*** Opening of Data in this exercise ***

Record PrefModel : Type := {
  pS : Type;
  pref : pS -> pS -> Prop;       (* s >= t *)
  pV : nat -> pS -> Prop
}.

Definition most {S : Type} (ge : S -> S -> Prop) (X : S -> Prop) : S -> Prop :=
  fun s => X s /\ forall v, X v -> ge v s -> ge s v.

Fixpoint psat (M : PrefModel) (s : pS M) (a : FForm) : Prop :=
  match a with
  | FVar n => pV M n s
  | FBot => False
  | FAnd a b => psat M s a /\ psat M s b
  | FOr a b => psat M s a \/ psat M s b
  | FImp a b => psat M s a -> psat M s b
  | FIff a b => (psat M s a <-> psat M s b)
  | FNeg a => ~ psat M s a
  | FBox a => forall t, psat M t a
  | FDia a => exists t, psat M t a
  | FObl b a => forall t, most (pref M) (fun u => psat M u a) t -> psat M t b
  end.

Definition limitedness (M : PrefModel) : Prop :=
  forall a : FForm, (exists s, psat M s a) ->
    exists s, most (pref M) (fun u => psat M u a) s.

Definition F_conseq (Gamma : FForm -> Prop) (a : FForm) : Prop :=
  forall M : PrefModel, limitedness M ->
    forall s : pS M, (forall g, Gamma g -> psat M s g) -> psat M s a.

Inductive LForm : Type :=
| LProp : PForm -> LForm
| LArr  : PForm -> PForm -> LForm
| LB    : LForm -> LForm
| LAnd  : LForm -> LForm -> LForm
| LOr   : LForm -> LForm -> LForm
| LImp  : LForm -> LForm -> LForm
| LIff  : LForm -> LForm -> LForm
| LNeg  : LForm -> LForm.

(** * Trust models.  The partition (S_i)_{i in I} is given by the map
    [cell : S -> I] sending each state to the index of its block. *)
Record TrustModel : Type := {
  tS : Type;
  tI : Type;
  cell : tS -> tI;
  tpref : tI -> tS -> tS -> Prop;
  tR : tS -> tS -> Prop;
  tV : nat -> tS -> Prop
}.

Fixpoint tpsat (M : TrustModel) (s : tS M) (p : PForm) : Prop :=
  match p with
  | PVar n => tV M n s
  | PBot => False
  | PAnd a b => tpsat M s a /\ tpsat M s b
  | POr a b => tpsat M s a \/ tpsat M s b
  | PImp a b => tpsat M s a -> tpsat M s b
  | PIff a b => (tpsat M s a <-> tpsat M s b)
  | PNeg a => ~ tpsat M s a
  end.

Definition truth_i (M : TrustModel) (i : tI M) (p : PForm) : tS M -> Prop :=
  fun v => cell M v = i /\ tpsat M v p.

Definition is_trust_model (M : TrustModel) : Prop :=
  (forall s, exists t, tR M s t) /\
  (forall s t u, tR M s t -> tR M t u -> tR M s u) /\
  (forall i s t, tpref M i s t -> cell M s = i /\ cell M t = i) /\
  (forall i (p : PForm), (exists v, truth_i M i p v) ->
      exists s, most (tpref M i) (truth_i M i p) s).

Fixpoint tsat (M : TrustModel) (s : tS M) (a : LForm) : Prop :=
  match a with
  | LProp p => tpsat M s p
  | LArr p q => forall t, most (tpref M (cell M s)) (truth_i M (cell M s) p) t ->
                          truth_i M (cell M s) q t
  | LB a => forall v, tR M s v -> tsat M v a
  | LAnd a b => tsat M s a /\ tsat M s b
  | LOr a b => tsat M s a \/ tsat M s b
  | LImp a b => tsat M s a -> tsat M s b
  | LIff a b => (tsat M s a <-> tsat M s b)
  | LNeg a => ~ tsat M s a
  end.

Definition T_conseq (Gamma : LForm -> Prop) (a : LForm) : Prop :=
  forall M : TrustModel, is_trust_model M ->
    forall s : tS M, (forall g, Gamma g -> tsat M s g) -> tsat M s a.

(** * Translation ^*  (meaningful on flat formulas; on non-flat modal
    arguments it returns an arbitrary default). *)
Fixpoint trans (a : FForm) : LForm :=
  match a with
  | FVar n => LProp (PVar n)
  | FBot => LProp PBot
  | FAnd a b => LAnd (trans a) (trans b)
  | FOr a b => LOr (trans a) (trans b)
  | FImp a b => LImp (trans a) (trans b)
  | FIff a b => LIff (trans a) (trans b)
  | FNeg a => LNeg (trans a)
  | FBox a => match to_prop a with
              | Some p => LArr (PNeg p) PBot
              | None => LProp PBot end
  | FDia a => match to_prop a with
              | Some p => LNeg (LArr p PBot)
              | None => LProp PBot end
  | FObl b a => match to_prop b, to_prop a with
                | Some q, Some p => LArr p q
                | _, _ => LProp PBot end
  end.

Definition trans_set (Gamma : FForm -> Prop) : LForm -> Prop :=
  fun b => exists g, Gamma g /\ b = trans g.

*** Close of Data in this exercise ***
*** Opening of Data in this exercise ***

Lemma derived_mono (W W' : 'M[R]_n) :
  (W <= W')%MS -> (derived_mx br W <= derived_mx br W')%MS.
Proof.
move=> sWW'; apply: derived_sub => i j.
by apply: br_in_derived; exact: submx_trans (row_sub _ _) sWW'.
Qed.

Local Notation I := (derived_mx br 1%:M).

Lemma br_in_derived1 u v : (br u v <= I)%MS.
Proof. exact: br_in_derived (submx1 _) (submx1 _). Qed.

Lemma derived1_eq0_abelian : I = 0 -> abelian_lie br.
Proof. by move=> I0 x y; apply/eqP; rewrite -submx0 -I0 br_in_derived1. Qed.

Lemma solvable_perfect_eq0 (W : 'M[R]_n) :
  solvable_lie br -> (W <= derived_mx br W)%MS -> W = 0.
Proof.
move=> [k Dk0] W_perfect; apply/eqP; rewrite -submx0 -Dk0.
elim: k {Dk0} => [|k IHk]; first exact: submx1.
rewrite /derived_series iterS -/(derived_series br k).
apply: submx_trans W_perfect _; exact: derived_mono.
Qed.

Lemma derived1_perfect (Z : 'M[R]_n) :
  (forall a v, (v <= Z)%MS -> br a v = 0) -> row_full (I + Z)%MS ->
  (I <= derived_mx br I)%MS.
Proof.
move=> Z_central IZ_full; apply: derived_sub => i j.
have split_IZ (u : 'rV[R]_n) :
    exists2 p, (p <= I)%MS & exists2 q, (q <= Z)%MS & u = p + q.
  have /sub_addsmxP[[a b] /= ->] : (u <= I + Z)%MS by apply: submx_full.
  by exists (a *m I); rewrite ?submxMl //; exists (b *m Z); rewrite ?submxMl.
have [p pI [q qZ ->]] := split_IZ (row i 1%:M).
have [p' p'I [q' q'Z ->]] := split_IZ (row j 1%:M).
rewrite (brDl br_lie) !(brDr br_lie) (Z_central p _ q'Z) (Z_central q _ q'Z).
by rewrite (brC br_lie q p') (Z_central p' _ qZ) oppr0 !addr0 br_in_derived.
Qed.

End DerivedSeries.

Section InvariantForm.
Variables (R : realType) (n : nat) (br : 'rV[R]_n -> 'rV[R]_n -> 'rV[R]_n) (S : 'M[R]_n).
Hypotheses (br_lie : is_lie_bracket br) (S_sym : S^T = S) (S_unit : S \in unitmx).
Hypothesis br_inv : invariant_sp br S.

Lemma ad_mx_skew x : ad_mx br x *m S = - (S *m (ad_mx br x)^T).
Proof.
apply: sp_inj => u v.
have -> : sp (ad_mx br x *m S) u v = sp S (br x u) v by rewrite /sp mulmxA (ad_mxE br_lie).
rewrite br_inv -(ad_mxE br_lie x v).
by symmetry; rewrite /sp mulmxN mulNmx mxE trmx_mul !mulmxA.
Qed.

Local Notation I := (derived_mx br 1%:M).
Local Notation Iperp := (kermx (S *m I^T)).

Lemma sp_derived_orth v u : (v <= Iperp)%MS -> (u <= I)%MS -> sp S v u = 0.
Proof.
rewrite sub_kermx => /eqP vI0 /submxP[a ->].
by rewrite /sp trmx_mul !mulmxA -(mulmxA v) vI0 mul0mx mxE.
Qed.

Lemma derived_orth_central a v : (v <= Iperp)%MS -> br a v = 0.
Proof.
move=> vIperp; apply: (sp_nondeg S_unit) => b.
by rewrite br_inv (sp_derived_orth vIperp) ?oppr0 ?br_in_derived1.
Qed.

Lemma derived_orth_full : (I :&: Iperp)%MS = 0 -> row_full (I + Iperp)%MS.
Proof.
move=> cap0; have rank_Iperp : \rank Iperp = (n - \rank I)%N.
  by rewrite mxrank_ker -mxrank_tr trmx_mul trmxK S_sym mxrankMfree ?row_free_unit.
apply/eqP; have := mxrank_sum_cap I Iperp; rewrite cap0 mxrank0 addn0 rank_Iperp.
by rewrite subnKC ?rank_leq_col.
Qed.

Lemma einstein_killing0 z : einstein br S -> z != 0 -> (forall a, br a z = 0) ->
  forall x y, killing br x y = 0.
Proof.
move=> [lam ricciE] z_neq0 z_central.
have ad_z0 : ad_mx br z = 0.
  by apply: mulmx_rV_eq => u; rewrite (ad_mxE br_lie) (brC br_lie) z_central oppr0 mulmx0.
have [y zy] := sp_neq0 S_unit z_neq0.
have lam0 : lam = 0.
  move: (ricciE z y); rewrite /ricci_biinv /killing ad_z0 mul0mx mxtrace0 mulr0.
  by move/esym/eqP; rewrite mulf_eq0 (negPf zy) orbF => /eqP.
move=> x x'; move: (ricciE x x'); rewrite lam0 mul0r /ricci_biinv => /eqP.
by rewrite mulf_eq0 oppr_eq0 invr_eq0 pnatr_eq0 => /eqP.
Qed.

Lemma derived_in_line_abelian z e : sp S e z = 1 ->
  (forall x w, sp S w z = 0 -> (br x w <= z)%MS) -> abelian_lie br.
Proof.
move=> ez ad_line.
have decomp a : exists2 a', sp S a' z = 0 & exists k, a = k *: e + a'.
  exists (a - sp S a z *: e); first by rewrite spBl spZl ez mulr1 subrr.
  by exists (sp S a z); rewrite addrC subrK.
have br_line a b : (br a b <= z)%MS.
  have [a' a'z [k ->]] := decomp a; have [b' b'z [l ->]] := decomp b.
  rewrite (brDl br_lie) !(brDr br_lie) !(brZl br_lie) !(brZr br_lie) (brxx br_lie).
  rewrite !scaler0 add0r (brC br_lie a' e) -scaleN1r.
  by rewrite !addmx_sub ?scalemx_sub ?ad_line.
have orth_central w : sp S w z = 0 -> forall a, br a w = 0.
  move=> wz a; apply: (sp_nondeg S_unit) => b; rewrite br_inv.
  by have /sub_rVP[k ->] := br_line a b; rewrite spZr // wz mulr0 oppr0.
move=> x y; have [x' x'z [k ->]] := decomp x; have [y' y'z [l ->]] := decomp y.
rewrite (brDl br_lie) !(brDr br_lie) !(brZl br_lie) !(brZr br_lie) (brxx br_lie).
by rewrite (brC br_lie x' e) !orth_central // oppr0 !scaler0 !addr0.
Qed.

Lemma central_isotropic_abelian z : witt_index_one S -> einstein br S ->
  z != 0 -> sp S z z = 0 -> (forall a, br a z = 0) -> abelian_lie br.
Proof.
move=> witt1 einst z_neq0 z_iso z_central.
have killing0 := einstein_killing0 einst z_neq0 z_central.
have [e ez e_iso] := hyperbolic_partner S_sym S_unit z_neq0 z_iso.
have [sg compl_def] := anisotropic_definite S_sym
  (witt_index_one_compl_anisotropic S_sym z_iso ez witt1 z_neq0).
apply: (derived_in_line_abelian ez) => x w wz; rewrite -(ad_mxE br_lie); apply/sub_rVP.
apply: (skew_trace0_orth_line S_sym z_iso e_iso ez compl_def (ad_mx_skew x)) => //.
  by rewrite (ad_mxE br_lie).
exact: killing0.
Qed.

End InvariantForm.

*** Close of Data in this exercise ***

Scan the data above. Return every line with "first" in it.

elim: k {Dk0} => [|k IHk]; first exact: submx1.
  exists (a - sp S a z *: e); first by rewrite spBl spZl ez mulr1 subrr.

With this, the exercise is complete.